Scan the lines below for the word "have". Copy each line you find it in.

BEGIN DATA FOR THIS EXERCISE

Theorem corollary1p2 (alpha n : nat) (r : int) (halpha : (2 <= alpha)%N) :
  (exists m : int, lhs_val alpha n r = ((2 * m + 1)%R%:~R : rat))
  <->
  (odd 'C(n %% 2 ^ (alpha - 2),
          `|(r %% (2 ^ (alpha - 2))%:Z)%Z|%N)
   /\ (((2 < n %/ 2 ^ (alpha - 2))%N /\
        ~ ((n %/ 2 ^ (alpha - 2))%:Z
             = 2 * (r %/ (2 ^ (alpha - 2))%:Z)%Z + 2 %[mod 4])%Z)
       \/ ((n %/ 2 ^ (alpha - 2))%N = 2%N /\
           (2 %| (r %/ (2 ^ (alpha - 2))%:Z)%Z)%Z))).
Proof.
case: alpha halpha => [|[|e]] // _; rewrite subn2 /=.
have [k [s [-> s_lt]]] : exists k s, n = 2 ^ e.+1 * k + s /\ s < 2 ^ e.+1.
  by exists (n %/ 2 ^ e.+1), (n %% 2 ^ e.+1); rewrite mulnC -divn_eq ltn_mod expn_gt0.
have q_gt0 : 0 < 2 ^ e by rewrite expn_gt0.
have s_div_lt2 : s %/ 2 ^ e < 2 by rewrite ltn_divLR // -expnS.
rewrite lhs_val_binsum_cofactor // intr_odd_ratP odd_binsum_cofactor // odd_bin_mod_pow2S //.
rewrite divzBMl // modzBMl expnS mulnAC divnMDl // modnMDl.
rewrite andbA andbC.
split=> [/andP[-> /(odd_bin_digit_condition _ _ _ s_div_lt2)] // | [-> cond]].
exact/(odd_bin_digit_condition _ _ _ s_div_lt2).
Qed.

END DATA FOR THIS EXERCISE

§ **FINISHED TASK**
have [k [s [-> s_lt]]] : exists k s, n = 2 ^ e.+1 * k + s /\ s < 2 ^ e.+1.
have q_gt0 : 0 < 2 ^ e by rewrite expn_gt0.
have s_div_lt2 : s %/ 2 ^ e < 2 by rewrite ltn_divLR // -expnS.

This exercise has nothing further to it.